ACTIVITY:
Copy whichever lines of the data hold the word "Hgraph".

[Saved entries]
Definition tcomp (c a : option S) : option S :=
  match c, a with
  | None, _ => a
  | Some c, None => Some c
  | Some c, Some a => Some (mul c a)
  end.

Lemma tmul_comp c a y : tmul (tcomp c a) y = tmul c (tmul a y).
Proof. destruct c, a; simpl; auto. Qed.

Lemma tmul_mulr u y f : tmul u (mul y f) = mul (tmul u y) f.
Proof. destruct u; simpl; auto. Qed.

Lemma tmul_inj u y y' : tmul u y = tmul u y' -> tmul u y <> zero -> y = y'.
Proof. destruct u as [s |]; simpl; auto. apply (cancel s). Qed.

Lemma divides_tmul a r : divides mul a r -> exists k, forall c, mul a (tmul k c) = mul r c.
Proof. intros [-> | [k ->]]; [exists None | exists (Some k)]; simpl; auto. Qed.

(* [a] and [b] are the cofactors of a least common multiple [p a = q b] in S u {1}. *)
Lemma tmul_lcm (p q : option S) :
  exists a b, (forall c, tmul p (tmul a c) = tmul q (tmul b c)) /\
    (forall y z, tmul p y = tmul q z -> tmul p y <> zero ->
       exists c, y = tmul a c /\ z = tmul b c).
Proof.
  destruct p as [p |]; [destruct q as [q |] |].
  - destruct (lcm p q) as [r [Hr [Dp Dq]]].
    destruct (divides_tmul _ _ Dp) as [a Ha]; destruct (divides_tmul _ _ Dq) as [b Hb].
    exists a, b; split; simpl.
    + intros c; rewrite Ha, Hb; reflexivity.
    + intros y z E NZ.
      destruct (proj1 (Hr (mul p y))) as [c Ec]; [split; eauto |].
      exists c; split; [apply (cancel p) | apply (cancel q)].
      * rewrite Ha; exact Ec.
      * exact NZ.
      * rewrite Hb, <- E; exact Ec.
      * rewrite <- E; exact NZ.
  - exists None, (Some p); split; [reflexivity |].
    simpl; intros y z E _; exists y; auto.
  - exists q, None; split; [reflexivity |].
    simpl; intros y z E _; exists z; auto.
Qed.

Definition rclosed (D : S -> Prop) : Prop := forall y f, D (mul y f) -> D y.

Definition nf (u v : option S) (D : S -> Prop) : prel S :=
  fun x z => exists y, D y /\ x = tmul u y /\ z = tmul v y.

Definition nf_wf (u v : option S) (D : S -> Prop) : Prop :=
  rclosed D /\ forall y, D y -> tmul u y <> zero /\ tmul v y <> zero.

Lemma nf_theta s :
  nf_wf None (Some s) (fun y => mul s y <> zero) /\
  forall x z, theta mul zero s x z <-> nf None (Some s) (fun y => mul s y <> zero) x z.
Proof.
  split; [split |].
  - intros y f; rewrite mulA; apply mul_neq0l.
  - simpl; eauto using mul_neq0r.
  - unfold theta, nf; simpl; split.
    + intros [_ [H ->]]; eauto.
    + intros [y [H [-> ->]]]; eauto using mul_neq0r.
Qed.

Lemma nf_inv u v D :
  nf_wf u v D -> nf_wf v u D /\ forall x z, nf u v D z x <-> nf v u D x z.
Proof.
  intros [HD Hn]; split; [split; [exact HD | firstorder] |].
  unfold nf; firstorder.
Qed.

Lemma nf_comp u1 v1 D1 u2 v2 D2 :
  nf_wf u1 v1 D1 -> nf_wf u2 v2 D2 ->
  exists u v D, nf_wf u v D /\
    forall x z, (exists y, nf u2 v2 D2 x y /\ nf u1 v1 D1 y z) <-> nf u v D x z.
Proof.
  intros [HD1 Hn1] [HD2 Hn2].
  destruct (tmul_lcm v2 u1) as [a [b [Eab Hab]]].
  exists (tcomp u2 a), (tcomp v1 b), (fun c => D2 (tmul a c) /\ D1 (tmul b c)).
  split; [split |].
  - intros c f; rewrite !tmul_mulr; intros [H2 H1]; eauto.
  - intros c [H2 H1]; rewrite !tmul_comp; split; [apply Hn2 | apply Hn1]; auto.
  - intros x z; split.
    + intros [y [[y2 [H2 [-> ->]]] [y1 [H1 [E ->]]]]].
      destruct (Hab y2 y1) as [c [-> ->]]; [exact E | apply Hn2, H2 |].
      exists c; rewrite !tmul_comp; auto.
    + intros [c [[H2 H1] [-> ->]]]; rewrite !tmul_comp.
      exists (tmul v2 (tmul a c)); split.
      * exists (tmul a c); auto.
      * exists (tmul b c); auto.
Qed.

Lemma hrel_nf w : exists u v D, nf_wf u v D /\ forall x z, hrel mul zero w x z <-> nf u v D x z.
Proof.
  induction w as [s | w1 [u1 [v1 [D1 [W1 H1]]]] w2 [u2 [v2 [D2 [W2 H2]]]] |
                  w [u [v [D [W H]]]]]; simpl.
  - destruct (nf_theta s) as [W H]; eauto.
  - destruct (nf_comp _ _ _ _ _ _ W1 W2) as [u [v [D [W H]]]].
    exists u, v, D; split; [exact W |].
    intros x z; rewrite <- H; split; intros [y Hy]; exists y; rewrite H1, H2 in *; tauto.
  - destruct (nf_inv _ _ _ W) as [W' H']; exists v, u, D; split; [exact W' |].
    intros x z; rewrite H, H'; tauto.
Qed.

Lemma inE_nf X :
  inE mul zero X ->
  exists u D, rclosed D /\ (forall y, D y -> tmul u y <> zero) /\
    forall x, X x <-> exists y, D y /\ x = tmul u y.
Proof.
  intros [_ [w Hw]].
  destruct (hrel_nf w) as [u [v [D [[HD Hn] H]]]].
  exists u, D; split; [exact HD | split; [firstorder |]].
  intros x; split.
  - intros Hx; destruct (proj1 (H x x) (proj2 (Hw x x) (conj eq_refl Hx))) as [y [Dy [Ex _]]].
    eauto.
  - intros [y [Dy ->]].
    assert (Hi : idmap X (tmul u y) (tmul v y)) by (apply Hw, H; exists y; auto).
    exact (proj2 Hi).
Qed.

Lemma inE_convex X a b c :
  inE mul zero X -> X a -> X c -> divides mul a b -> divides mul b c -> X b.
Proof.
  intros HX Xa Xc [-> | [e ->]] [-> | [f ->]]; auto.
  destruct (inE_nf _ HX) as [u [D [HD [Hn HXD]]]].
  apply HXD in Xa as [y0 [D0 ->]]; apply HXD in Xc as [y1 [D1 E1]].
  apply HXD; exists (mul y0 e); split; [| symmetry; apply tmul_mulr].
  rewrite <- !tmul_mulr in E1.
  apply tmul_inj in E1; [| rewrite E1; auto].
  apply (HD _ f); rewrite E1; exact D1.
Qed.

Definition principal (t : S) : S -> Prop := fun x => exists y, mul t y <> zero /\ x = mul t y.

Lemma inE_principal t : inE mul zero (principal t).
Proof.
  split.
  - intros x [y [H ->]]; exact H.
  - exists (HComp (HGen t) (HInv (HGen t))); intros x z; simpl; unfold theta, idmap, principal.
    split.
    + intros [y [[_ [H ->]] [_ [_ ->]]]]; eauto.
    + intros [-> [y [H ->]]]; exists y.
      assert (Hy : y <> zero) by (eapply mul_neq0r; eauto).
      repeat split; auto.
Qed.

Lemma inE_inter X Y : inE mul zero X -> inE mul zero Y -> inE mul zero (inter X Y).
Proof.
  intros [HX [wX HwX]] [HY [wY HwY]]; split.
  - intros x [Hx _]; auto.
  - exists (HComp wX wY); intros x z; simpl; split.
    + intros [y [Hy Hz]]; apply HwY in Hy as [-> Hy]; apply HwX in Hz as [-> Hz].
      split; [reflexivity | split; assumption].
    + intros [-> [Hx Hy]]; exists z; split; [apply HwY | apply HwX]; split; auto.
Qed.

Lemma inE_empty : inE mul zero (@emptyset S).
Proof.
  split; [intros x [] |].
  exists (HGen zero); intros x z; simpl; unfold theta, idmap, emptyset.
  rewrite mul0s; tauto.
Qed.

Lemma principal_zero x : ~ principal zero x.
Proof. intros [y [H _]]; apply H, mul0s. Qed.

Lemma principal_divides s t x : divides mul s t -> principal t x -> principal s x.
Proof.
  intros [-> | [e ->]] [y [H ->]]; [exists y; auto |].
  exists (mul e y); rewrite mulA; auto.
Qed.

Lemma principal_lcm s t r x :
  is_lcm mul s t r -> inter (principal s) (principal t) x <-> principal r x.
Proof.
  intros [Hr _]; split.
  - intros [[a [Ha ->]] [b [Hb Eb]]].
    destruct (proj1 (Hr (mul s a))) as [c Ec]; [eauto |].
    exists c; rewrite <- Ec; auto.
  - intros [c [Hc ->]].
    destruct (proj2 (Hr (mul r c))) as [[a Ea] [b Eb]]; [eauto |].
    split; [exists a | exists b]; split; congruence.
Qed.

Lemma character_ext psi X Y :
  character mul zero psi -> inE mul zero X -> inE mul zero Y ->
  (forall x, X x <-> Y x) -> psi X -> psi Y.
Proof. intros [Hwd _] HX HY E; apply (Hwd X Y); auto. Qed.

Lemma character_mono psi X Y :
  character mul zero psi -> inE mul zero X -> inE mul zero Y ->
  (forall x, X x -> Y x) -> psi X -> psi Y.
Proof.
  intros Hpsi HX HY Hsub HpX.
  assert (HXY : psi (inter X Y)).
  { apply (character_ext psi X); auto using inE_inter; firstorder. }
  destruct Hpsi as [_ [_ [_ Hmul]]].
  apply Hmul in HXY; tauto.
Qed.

==

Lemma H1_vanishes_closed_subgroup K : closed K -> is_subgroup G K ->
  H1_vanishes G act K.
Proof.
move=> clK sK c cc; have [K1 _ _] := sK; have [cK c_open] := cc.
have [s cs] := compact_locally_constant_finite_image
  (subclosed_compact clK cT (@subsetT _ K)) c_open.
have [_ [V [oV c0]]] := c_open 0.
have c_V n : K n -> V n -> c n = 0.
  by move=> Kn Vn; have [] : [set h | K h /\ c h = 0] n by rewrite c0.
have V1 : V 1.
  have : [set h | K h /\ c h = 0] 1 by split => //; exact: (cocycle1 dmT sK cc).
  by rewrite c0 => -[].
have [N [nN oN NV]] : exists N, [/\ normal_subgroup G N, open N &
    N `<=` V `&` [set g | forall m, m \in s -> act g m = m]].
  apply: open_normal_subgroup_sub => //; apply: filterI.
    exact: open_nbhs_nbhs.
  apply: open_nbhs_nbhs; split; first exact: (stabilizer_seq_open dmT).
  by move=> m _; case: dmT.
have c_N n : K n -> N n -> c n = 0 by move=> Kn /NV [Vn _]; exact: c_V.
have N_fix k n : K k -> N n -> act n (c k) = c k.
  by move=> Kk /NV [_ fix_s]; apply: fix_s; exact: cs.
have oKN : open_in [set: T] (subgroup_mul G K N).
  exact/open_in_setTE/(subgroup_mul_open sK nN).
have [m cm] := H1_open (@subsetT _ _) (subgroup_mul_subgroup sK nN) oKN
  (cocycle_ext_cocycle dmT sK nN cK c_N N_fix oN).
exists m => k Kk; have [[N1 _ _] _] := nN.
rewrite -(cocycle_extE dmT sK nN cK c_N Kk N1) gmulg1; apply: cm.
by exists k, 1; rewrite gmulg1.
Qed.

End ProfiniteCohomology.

--

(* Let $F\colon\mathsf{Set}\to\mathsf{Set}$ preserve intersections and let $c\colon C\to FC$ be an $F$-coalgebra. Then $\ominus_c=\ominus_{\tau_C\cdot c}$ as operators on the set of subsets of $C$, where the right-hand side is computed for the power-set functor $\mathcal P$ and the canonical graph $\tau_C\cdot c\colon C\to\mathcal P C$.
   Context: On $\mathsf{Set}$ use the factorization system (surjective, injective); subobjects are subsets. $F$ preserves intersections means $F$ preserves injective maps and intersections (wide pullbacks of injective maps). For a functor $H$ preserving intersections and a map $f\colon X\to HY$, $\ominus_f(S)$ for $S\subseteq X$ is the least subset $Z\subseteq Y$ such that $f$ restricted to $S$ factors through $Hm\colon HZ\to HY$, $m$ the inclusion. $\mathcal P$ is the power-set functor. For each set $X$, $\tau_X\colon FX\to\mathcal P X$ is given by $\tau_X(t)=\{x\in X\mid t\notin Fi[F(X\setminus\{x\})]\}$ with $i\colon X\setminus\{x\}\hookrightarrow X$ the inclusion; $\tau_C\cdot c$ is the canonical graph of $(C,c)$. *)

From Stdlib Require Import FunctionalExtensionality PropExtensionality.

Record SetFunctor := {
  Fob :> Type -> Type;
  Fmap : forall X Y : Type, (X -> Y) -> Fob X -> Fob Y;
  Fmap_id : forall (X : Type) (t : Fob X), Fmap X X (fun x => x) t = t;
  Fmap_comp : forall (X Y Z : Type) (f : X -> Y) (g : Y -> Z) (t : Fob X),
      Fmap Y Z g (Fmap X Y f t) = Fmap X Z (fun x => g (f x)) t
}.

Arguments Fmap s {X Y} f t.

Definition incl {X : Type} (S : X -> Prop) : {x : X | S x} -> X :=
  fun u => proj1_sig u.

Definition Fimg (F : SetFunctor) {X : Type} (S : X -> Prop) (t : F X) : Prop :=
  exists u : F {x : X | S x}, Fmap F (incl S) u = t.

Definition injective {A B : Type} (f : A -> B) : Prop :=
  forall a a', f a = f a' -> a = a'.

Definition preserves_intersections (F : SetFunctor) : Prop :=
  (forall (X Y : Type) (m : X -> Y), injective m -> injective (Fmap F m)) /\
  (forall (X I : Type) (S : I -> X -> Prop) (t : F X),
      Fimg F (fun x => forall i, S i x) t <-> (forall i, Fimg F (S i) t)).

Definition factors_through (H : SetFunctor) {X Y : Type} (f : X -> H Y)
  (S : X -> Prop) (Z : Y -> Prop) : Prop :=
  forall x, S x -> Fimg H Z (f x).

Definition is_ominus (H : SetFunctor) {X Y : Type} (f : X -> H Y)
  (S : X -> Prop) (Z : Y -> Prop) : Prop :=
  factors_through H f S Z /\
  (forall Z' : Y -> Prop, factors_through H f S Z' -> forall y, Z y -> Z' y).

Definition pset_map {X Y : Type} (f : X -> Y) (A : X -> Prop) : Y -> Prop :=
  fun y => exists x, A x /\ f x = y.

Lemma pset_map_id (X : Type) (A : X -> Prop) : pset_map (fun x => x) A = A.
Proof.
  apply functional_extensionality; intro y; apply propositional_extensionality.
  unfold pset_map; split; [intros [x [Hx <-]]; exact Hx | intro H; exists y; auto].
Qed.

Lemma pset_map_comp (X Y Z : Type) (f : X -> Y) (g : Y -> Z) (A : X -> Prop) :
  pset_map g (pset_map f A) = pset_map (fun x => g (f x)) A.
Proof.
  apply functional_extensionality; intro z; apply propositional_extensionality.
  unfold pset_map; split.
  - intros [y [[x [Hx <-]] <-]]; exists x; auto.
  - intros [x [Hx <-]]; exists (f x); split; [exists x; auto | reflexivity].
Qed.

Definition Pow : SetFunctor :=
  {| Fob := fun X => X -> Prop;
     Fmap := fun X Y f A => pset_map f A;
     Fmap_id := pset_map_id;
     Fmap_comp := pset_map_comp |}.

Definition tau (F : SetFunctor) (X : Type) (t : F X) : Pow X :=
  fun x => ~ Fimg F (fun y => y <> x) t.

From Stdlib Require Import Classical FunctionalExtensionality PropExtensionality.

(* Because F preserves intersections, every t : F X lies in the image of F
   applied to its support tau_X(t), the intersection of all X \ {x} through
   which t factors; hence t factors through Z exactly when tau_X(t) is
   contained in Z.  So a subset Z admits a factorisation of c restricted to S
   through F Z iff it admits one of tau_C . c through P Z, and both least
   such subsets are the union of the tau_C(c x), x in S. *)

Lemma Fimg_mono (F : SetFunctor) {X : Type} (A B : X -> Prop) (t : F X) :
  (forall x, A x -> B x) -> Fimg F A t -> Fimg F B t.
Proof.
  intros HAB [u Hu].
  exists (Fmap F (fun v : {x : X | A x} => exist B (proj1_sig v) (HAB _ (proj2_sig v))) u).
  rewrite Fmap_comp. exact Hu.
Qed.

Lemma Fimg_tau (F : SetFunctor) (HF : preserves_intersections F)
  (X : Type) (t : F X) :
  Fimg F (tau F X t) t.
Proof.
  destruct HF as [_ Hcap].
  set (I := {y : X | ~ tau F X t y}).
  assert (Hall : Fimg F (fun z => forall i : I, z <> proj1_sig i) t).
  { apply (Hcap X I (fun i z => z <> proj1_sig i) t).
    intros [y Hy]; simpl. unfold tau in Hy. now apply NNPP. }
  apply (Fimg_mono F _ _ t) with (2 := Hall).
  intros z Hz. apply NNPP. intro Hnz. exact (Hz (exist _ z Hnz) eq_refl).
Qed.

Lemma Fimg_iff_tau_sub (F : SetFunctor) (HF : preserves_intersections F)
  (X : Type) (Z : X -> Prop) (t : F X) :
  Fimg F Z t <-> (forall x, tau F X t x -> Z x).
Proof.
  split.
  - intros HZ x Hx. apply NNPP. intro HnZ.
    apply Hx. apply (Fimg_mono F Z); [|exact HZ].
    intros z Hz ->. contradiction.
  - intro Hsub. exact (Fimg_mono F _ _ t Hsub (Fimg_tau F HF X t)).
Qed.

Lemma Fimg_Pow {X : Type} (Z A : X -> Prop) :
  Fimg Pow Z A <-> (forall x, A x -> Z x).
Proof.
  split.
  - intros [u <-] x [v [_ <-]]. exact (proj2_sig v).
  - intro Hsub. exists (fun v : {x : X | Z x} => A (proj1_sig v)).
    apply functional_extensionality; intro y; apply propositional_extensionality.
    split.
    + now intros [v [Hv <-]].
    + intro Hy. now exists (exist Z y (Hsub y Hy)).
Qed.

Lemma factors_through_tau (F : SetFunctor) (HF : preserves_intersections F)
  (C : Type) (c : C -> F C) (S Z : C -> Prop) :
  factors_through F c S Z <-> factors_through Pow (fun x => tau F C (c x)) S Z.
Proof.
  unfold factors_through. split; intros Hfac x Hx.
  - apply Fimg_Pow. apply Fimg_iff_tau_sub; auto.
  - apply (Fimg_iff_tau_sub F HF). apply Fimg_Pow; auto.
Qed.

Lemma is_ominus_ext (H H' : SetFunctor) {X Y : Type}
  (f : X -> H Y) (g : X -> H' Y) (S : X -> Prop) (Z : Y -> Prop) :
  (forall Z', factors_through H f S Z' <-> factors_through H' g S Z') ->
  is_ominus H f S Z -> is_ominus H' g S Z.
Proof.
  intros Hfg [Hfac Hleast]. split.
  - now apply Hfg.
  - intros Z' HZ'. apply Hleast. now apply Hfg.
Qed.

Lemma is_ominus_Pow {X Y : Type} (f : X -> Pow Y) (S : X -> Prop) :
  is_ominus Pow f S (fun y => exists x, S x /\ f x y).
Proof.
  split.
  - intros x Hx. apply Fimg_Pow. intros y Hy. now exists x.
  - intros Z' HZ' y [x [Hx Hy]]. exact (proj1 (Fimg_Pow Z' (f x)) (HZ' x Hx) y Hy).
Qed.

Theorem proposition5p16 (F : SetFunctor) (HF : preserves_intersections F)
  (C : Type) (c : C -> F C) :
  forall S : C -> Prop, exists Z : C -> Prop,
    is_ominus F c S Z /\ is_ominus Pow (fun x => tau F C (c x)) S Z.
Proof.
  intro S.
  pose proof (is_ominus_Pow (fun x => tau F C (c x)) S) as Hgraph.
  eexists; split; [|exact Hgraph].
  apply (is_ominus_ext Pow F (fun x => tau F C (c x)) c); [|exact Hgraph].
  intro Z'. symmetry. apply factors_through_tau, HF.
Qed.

ANSWER FOR THIS EXERCISE:
  pose proof (is_ominus_Pow (fun x => tau F C (c x)) S) as Hgraph.
  eexists; split; [|exact Hgraph].
  apply (is_ominus_ext Pow F (fun x => tau F C (c x)) c); [|exact Hgraph].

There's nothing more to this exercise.